(Dataset entries)
Lemma liso_tensorDr Z X Y : liso (ltensor Z (ldsum X Y)) (ldsum (ltensor Z X) (ltensor Z Y)).
Proof.
apply: (@liso_reindex (ltensor Z (ldsum X Y)) (ldsum (ltensor Z X) (ltensor Z Y))
  (fun k => match split (idx_pair k).2 with
     | inl a => lshift (ldim Z * ldim Y) (pair_idx ((idx_pair k).1, a))
     | inr b => rshift (ldim Z * ldim X) (pair_idx ((idx_pair k).1, b)) end)
  (fun l => match split l with
     | inl u => pair_idx ((idx_pair u).1, lshift (ldim Y) (idx_pair u).2)
     | inr v => pair_idx ((idx_pair v).1, rshift (ldim X) (idx_pair v).2) end)).
- move=> k; rewrite -(idx_pairK k); case: (idx_pair k) => c d.
  by case: (split_ordP d) => a ->; rewrite /= ?pair_idxK ?split_lshift ?split_rshift /= pair_idxK.
- move=> l; case: (split_ordP l) => u ->;
    rewrite /= ?split_lshift ?split_rshift /= pair_idxK /= ?split_lshift ?split_rshift;
    by rewrite -{3}(idx_pairK u); case: (idx_pair u).
- move=> k l; rewrite -(idx_pairK k) -(idx_pairK l).
  case: (idx_pair k) => c d; case: (idx_pair l) => c' d'.
  by case: (split_ordP d) => a ->; case: (split_ordP d') => a' ->; tensor_simpl.
- move=> k l; rewrite -(idx_pairK k) -(idx_pairK l).
  case: (idx_pair k) => c d; case: (idx_pair l) => c' d'.
  by case: (split_ordP d) => a ->; case: (split_ordP d') => a' ->; tensor_simpl.
Qed.

Lemma liso_tensor0r Z : liso (ltensor Z lzero) lzero.
Proof.
have empty_mx m n (A B : 'M[F2]_(m, n)) : m = 0%N -> A = B.
  by move=> m0; apply/matrixP=> i; have := ltn_ord i; rewrite {2}m0.
by exists 0, 0; split; apply: empty_mx; rewrite /= ?muln0.
Qed.

Lemma liso_nsum k X Y : liso X Y -> liso (lnsum k X) (lnsum k Y).
Proof.
move=> XY; elim: k => [|k IHk] /=; first exact: liso_refl.
exact: liso_dsum XY IHk.
Qed.

Lemma liso_tensor_nsum Z X k : liso (ltensor Z (lnsum k X)) (lnsum k (ltensor Z X)).
Proof.
elim: k => [|k IHk] /=; first exact: liso_tensor0r.
exact: liso_trans (liso_tensorDr _ _ _) (liso_dsum (liso_refl _) IHk).
Qed.

Lemma lnsumD X a b : liso (lnsum (a + b) X) (ldsum (lnsum a X) (lnsum b X)).
Proof.
elim: a => [|a IHa]; first exact: liso_sym (liso_dsum0l _).
rewrite addSn /=.
exact: liso_trans (liso_dsum (liso_refl _) IHa) (liso_dsumA _ _ _).
Qed.

Lemma lnsum_dsum X Y k : liso (lnsum k (ldsum X Y)) (ldsum (lnsum k X) (lnsum k Y)).
Proof.
elim: k => [|k IHk] /=; first exact: liso_sym (liso_dsum0l _).
exact: liso_trans (liso_dsum (liso_refl _) IHk) (liso_dsumACA _ _ _ _).
Qed.

Lemma lnsumM X k j : liso (lnsum k (lnsum j X)) (lnsum (k * j) X).
Proof.
elim: k => [|k IHk] /=; first exact: liso_refl.
rewrite mulSn.
exact: liso_trans (liso_dsum (liso_refl _) IHk) (liso_sym (lnsumD _ _ _)).
Qed.

(** * Certificates over F_2 *)

(* Writing the entries of every matrix as a boolean function of the indices
   turns each of the four identities in [liso] into a finite boolean check,
   which is then decided by evaluation. *)
Definition bool_mx m n (f : nat -> nat -> bool) : 'M[F2]_(m, n) := \matrix_(i, j) (f i j)%:R.
Definition xorsum n (h : nat -> bool) := foldr (fun k b => xorb (h k) b) false (iota 0 n).

Lemma natr_xorb_F2 (a b : bool) : a%:R + b%:R = (xorb a b)%:R :> F2.
Proof. by case: a; case: b; rewrite ?addr0 ?add0r //; apply/eqP. Qed.

Lemma bool_mx0 m n : (0 : 'M[F2]_(m, n)) = bool_mx m n (fun _ _ => false).
Proof. by apply/matrixP=> i j; rewrite !mxE. Qed.
Lemma bool_mx1 n : (1%:M : 'M[F2]_n) = bool_mx n n (fun i j => i == j).
Proof. by apply/matrixP=> i j; rewrite !mxE. Qed.
Lemma bool_mxD m n f g :
  bool_mx m n f + bool_mx m n g = bool_mx m n (fun i j => xorb (f i j) (g i j)).
Proof. by apply/matrixP=> i j; rewrite !mxE natr_xorb_F2. Qed.
Lemma bool_mxM m n p f g :
  bool_mx m n f *m bool_mx n p g = bool_mx m p (fun i j => xorsum n (fun k => f i k && g k j)).
Proof.
apply/matrixP=> i j; rewrite !mxE.
under eq_bigr do rewrite !mxE -natrM mulnb.
rewrite -(big_mkord xpredT (fun k => (f i k && g k j)%:R)) /xorsum /index_iota subn0.
elim: (iota 0 n) => [|k s IH]; first by rewrite big_nil.
by rewrite big_cons IH natr_xorb_F2.
Qed.

Lemma bool_mx_block m1 m2 n1 n2 a b c d :
  block_mx (bool_mx m1 n1 a) (bool_mx m1 n2 b) (bool_mx m2 n1 c) (bool_mx m2 n2 d) =
  bool_mx (m1 + m2) (n1 + n2) (fun i j =>
    if (i < m1)%N then (if (j < n1)%N then a i j else b i (j - n1)%N)
    else (if (j < n1)%N then c (i - m1)%N j else d (i - m1)%N (j - n1)%N)).
Proof.
apply/matrixP=> i j; rewrite [RHS]mxE.
case: (split_ordP i) => i' ->; case: (split_ordP j) => j' ->;
  by rewrite ?(block_mxEul, block_mxEur, block_mxEdl, block_mxEdr) mxE /=
       ?ltn_ord ?ltnNge ?leq_addr /= ?addKn.
Qed.

Lemma bool_mx_kron m1 n1 m2 n2 a b :
  kron (bool_mx m1 n1 a) (bool_mx m2 n2 b) =
  bool_mx (m1 * m2) (n1 * n2) (fun i j => a (i %/ m2)%N (j %/ n2)%N && b (i %% m2)%N (j %% n2)%N).
Proof.
apply/matrixP=> i j; rewrite !mxE -natrM mulnb.
by case: (idx_pairE i) => -> ->; case: (idx_pairE j) => -> ->.
Qed.

Definition eq_on_box m n (f g : nat -> nat -> bool) :=
  all (fun i => all (fun j => f i j == g i j) (iota 0 n)) (iota 0 m).

Lemma bool_mx_eq m n f g : eq_on_box m n f g -> bool_mx m n f = bool_mx m n g.
Proof.
move=> /allP Hfg; apply/matrixP=> i j; rewrite !mxE.
have Hi : (val i \in iota 0 m) by rewrite mem_iota ltn_ord.
have Hj : (val j \in iota 0 n) by rewrite mem_iota ltn_ord.
by move: (Hfg _ Hi) => /allP /(_ _ Hj) /eqP ->.
Qed.

Definition seq_mx m n (s : seq (seq nat)) : 'M[F2]_(m, n) :=
  bool_mx m n (fun i j => nth 0%N (nth [::] s i) j == 1%N).

Lemma Qmat2E : Qmat2 = bool_mx 2 2 (fun i j => (i == 1)%N && (j == 0)%N).
Proof. by apply/matrixP=> i j; rewrite !mxE; case: ifP. Qed.

(* Stated for the unfolded matrices, since [/=] unfolds [LamFree]. *)
Lemma LamFreeQE :
  (\matrix_(i, j) (if ((i == 0 :> nat) && (j == 1 :> nat))
                        || ((i == 2 :> nat) && (j == 3 :> nat)) then 1 else 0) : 'M[F2]_4)
  = bool_mx 4 4 (fun i j => ((i == 0)%N && (j == 1)%N) || ((i == 2)%N && (j == 3)%N)).
Proof. by apply/matrixP=> i j; rewrite !mxE; case: ifP. Qed.
Lemma LamFreePE :
  (\matrix_(i, j) (if ((i == 0 :> nat) && (j == 2 :> nat))
                        || ((i == 1 :> nat) && (j == 3 :> nat)) then 1 else 0) : 'M[F2]_4)
  = bool_mx 4 4 (fun i j => ((i == 0)%N && (j == 2)%N) || ((i == 1)%N && (j == 3)%N)).
Proof. by apply/matrixP=> i j; rewrite !mxE; case: ifP. Qed.

Ltac liso_by_certificate A B :=
  exists A, B; rewrite /= ?LamFreeQE ?LamFreePE ?Qmat2E; split;
  rewrite ?(bool_mx0, bool_mx1, bool_mxD, bool_mxM, bool_mx_block, bool_mx_kron);
  apply: bool_mx_eq; vm_compute; reflexivity.

Lemma liso_tensor_LamFree i : liso (ltensor (Mi i) LamFree) (lfree 2).
Proof.
liso_by_certificate
  (seq_mx 8 8 [:: [:: 0; 0; 1; 0; 1; 0; 0; 0]; [:: 0; 0; 0; 1; 0; 1; 0; 0];
                  [:: 0; 0; 0; 0; 0; 0; 1; 0]; [:: 0; 0; 0; 0; 0; 0; 0; 1];
                  [:: 1; 0; 1; 0; 0; 1; 0; 1]; [:: 0; 1; 1; 1; 1; 0; 0; 0];
                  [:: 0; 0; 1; 1; 0; 1; 0; 1]; [:: 0; 0; 0; 1; 0; 0; 1; 0]])
  (seq_mx 8 8 [:: [:: 0; 0; 1; 0; 1; 0; 1; 1]; [:: 1; 0; 1; 0; 0; 1; 0; 1];
                  [:: 0; 1; 0; 1; 0; 0; 1; 0]; [:: 0; 0; 1; 0; 0; 0; 0; 1];
                  [:: 1; 1; 0; 1; 0; 0; 1; 0]; [:: 0; 1; 1; 0; 0; 0; 0; 1];
                  [:: 0; 0; 1; 0; 0; 0; 0; 0]; [:: 0; 0; 0; 1; 0; 0; 0; 0]]).
Qed.

Definition Mpow n := MJ (nseq n 1%N).

Lemma MJ_Mpow J : MJ J = Mpow (size J).
Proof. by elim: J => //= j J ->. Qed.

Lemma Mpow1_LamQ1 : liso (Mpow 1) LamQ1.
Proof. liso_by_certificate (1%:M : 'M[F2]_2) (1%:M : 'M[F2]_2). Qed.

Lemma Mpow3_dsum : liso (Mpow 3) (ldsum (lfree 1) (lnsum 2 (Mpow 1))).
Proof.
liso_by_certificate
  (seq_mx 8 8 [:: [:: 0; 0; 0; 1; 0; 0; 0; 0]; [:: 0; 0; 1; 0; 1; 0; 1; 0];
                  [:: 0; 0; 1; 1; 0; 0; 1; 0]; [:: 0; 1; 1; 0; 1; 1; 0; 0];
                  [:: 0; 0; 1; 1; 1; 0; 0; 0]; [:: 0; 1; 1; 0; 0; 0; 1; 1];
                  [:: 0; 1; 0; 0; 0; 1; 1; 1]; [:: 1; 0; 0; 0; 1; 1; 0; 0]])
  (seq_mx 8 8 [:: [:: 1; 0; 0; 0; 1; 1; 1; 1]; [:: 1; 1; 1; 1; 0; 1; 1; 0];
                  [:: 0; 1; 1; 0; 1; 0; 0; 0]; [:: 1; 0; 0; 0; 0; 0; 0; 0];
                  [:: 1; 1; 1; 0; 0; 0; 0; 0]; [:: 0; 1; 1; 0; 1; 1; 1; 0];
                  [:: 1; 1; 0; 0; 1; 0; 0; 0]; [:: 0; 1; 0; 1; 0; 0; 1; 0]]).
Qed.

(** * Stable isomorphism *)

Lemma liso_nsum_dsum_free k a X :
  liso (lnsum k (ldsum (lfree a) X)) (ldsum (lfree (k * a)) (lnsum k X)).
Proof. exact: liso_trans (lnsum_dsum _ _ _) (liso_dsum (lnsumM _ _ _) (liso_refl _)). Qed.

Lemma liso_tensor_dsum_free i a X :
  liso (ltensor (Mi i) (ldsum (lfree a) X)) (ldsum (lfree (a * 2)) (ltensor (Mi i) X)).
Proof.
apply: liso_trans (liso_tensorDr _ _ _) (liso_dsum _ (liso_refl _)).
apply: liso_trans (liso_tensor_nsum _ _ _) _.
exact: liso_trans (liso_nsum _ (liso_tensor_LamFree i)) (lnsumM _ _ _).
Qed.

Lemma liso_dsum_nsumD a b X Y :
  liso (ldsum (lnsum (a + b) X) Y) (ldsum (lnsum a X) (ldsum (lnsum b X) Y)).
Proof.
exact: liso_trans (liso_dsum (lnsumD _ _ _) (liso_refl _)) (liso_sym (liso_dsumA _ _ _)).
Qed.

Lemma stably_iso_liso X Y : liso X Y -> stably_iso X Y.
Proof. by exists 0%N, 0%N; apply: liso_dsum (liso_refl _) _. Qed.

Lemma stably_iso_trans X Y Z : stably_iso X Y -> stably_iso Y Z -> stably_iso X Z.
Proof.
case=> a [b XY] [c [d YZ]]; exists (c + a)%N, (b + d)%N.
apply: liso_trans (liso_dsum_nsumD _ _ _ _) _.
apply: liso_trans (liso_dsum (liso_refl _) XY) _.
apply: liso_trans (liso_dsumCA _ _ _) _.
apply: liso_trans (liso_dsum (liso_refl _) YZ) _.
exact: liso_sym (liso_dsum_nsumD _ _ _ _).
Qed.

Lemma stably_iso_dsum_free c X : stably_iso (ldsum (lfree c) X) X.
Proof. by exists 0%N, c; apply: liso_dsum0l. Qed.

Lemma stably_iso_nsum k X Y : stably_iso X Y -> stably_iso (lnsum k X) (lnsum k Y).
Proof.
case=> a [b XY]; exists (k * a)%N, (k * b)%N.
apply: liso_trans (liso_sym (liso_nsum_dsum_free _ _ _)) _.
exact: liso_trans (liso_nsum _ XY) (liso_nsum_dsum_free _ _ _).
Qed.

### PROMPT
From the entries above, give again exactly the lines running from the line with "Proof. by case: a;" to the line with "Lemma bool_mx1 n"; include both of those lines.

### ANSWER SECTION
Proof. by case: a; case: b; rewrite ?addr0 ?add0r //; apply/eqP. Qed.

Lemma bool_mx0 m n : (0 : 'M[F2]_(m, n)) = bool_mx m n (fun _ _ => false).
Proof. by apply/matrixP=> i j; rewrite !mxE. Qed.
Lemma bool_mx1 n : (1%:M : 'M[F2]_n) = bool_mx n n (fun i j => i == j).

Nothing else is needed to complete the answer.